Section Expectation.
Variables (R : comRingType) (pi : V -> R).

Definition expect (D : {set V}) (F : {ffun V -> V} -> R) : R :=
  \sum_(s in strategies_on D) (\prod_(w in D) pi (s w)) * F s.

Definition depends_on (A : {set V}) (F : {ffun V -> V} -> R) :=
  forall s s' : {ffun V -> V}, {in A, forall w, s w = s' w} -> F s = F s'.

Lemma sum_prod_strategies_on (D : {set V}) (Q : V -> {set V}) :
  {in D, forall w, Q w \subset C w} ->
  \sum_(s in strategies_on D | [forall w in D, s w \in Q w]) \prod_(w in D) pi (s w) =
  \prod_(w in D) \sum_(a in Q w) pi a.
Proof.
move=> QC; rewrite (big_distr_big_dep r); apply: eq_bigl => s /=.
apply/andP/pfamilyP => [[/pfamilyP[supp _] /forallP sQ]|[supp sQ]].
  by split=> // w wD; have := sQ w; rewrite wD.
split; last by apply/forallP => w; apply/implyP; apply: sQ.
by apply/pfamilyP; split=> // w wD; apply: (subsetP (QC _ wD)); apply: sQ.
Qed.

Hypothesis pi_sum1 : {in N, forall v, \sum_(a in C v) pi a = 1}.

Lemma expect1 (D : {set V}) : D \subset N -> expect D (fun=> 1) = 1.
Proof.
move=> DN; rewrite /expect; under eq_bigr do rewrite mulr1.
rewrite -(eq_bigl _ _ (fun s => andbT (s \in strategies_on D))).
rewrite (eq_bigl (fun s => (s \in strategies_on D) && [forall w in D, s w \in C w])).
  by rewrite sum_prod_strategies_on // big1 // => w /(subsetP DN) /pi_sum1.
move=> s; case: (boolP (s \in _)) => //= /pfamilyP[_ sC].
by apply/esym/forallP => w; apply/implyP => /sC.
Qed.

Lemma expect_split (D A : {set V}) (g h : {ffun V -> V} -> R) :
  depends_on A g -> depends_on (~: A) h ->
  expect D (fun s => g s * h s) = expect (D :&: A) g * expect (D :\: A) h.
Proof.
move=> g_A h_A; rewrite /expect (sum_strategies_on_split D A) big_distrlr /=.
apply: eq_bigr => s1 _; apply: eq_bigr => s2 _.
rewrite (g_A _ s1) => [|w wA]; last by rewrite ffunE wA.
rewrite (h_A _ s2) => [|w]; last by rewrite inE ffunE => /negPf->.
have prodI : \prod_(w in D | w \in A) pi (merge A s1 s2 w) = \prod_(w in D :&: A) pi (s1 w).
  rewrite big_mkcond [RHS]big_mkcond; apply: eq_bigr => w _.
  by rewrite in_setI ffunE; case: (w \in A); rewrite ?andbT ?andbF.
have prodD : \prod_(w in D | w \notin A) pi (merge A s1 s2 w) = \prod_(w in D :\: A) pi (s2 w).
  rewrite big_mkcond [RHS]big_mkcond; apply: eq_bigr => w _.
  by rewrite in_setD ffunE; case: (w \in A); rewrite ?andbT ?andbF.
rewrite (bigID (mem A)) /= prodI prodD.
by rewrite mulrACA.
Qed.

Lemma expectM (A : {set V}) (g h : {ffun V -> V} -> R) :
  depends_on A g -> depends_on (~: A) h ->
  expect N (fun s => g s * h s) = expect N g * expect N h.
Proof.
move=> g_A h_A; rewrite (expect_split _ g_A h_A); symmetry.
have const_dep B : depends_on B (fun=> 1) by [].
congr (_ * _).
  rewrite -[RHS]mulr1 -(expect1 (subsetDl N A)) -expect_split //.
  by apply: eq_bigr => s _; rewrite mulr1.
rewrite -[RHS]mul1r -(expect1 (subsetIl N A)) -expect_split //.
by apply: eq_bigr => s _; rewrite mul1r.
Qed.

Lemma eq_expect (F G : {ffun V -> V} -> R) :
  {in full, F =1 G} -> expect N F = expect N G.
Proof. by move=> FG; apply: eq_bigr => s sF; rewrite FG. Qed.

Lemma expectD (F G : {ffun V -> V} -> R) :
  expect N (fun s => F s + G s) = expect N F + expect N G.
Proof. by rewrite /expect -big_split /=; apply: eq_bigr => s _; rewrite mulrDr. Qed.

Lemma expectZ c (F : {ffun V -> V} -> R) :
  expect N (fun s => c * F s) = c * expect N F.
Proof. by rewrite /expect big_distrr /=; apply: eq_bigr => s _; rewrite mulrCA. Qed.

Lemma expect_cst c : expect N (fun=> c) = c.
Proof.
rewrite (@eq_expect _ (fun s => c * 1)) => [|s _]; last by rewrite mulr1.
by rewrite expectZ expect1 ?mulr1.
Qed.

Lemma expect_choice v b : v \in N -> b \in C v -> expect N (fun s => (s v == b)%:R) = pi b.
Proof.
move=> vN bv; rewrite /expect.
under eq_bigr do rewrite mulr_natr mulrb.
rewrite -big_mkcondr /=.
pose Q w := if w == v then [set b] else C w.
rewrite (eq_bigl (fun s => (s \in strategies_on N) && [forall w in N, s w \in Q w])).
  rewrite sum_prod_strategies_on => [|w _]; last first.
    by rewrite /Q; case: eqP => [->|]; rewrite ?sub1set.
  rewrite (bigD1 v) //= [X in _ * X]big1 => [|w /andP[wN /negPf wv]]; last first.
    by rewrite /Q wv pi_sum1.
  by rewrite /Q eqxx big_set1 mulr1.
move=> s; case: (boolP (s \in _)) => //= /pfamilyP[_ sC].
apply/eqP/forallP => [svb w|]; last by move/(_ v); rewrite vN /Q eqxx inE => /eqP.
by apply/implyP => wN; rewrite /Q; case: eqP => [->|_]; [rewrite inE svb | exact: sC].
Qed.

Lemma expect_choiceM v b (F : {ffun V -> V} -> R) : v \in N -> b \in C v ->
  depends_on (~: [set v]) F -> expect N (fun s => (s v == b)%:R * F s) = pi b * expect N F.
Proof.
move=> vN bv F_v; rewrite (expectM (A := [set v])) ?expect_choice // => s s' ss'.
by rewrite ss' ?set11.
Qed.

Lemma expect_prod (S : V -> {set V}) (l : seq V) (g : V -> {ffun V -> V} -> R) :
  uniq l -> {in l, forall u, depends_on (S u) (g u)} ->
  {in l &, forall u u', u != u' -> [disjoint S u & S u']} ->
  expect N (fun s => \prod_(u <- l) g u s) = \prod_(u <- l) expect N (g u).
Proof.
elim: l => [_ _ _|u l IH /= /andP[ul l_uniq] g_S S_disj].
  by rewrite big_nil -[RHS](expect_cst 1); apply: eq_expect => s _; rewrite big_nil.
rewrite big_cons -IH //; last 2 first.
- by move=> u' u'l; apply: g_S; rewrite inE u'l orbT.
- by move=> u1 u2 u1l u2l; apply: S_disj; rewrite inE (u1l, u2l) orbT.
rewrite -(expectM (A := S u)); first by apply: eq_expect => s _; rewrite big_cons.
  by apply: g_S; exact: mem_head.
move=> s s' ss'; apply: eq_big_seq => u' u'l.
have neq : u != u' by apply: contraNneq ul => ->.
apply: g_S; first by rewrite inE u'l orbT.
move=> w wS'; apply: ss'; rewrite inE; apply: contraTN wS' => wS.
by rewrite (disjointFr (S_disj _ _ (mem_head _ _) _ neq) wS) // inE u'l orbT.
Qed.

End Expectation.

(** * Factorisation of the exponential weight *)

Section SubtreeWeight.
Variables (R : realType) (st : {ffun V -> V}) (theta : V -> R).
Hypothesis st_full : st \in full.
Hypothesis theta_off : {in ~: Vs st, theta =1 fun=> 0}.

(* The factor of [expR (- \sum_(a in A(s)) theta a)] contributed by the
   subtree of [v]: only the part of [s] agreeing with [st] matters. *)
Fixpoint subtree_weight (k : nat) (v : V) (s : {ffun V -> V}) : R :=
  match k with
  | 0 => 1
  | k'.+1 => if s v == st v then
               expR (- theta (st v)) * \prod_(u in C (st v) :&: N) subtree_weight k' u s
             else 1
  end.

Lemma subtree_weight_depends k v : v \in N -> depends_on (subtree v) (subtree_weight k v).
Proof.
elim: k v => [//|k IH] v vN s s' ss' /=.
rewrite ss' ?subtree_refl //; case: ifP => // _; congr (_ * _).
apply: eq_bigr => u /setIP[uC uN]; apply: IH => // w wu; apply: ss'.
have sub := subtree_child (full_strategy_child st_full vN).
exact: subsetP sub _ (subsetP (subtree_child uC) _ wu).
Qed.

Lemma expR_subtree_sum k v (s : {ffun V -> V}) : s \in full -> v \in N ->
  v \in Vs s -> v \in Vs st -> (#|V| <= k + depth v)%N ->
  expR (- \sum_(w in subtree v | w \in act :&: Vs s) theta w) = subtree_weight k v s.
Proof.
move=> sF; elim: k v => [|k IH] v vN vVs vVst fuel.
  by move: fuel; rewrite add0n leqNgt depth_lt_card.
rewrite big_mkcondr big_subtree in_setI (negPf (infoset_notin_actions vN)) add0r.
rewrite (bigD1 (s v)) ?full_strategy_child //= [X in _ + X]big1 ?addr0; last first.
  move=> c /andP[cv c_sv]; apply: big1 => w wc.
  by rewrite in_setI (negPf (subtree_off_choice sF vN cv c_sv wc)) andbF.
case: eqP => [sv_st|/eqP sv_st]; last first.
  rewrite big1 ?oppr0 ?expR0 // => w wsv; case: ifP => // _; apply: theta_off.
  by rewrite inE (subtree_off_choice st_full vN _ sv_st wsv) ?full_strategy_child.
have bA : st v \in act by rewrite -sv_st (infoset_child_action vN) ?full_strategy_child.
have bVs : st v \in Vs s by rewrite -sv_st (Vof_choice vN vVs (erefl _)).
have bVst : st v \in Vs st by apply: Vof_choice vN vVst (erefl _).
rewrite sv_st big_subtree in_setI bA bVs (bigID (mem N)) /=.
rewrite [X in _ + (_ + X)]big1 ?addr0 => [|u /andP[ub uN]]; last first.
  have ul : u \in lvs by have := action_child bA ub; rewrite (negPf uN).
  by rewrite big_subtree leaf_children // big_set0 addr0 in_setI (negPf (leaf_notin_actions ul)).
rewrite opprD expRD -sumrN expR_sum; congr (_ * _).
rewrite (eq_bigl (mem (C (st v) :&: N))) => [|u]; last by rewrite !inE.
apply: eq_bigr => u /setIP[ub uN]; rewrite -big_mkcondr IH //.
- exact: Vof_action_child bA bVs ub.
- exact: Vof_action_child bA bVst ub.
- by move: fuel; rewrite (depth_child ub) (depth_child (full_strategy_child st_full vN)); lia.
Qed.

○ ○ ○

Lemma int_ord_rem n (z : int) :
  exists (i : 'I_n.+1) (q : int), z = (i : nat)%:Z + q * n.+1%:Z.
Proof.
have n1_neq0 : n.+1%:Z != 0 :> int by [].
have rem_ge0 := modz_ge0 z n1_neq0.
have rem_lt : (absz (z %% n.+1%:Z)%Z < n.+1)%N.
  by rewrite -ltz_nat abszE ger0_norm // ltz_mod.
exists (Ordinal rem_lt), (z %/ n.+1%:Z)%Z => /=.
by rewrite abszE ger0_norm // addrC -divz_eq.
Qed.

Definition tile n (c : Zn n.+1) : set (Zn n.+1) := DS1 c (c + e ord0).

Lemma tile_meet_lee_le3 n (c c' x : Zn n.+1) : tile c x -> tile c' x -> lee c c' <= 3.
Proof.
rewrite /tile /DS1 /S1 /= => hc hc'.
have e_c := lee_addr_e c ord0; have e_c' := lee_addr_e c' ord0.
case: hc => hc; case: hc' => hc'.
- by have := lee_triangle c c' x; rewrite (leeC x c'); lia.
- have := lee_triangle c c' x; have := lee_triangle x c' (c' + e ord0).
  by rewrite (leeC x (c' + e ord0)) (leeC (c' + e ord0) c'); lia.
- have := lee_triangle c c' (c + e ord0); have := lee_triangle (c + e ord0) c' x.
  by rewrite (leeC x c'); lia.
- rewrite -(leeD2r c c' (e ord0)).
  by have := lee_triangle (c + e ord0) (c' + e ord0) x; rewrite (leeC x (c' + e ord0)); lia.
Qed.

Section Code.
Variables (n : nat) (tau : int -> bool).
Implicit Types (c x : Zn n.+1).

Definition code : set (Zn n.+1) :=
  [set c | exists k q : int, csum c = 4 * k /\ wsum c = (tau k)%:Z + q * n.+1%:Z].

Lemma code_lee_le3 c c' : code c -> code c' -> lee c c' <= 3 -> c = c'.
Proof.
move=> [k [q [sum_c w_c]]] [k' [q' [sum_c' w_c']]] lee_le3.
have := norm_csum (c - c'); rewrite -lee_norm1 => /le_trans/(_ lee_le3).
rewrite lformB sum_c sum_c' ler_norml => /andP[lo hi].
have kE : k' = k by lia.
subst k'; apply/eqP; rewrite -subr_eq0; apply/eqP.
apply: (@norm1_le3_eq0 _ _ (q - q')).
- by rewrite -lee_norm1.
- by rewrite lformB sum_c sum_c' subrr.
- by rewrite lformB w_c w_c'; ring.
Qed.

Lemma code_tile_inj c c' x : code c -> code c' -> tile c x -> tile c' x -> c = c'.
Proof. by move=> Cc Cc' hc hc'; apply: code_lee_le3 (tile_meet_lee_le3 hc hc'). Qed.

○ ○ ○

◆ **WHAT THE TASK REQUIRES**:
Which lines run from the one holding "Proof. by rewrite /expect -big_split" through the one holding "elim: l => [_" in the records above? Repeat them exactly, both included, and nothing more.

◆ **TASK RESULT**:
Proof. by rewrite /expect -big_split /=; apply: eq_bigr => s _; rewrite mulrDr. Qed.

Lemma expectZ c (F : {ffun V -> V} -> R) :
  expect N (fun s => c * F s) = c * expect N F.
Proof. by rewrite /expect big_distrr /=; apply: eq_bigr => s _; rewrite mulrCA. Qed.

Lemma expect_cst c : expect N (fun=> c) = c.
Proof.
rewrite (@eq_expect _ (fun s => c * 1)) => [|s _]; last by rewrite mulr1.
by rewrite expectZ expect1 ?mulr1.
Qed.

Lemma expect_choice v b : v \in N -> b \in C v -> expect N (fun s => (s v == b)%:R) = pi b.
Proof.
move=> vN bv; rewrite /expect.
under eq_bigr do rewrite mulr_natr mulrb.
rewrite -big_mkcondr /=.
pose Q w := if w == v then [set b] else C w.
rewrite (eq_bigl (fun s => (s \in strategies_on N) && [forall w in N, s w \in Q w])).
  rewrite sum_prod_strategies_on => [|w _]; last first.
    by rewrite /Q; case: eqP => [->|]; rewrite ?sub1set.
  rewrite (bigD1 v) //= [X in _ * X]big1 => [|w /andP[wN /negPf wv]]; last first.
    by rewrite /Q wv pi_sum1.
  by rewrite /Q eqxx big_set1 mulr1.
move=> s; case: (boolP (s \in _)) => //= /pfamilyP[_ sC].
apply/eqP/forallP => [svb w|]; last by move/(_ v); rewrite vN /Q eqxx inE => /eqP.
by apply/implyP => wN; rewrite /Q; case: eqP => [->|_]; [rewrite inE svb | exact: sC].
Qed.

Lemma expect_choiceM v b (F : {ffun V -> V} -> R) : v \in N -> b \in C v ->
  depends_on (~: [set v]) F -> expect N (fun s => (s v == b)%:R * F s) = pi b * expect N F.
Proof.
move=> vN bv F_v; rewrite (expectM (A := [set v])) ?expect_choice // => s s' ss'.
by rewrite ss' ?set11.
Qed.

Lemma expect_prod (S : V -> {set V}) (l : seq V) (g : V -> {ffun V -> V} -> R) :
  uniq l -> {in l, forall u, depends_on (S u) (g u)} ->
  {in l &, forall u u', u != u' -> [disjoint S u & S u']} ->
  expect N (fun s => \prod_(u <- l) g u s) = \prod_(u <- l) expect N (g u).
Proof.
elim: l => [_ _ _|u l IH /= /andP[ul l_uniq] g_S S_disj].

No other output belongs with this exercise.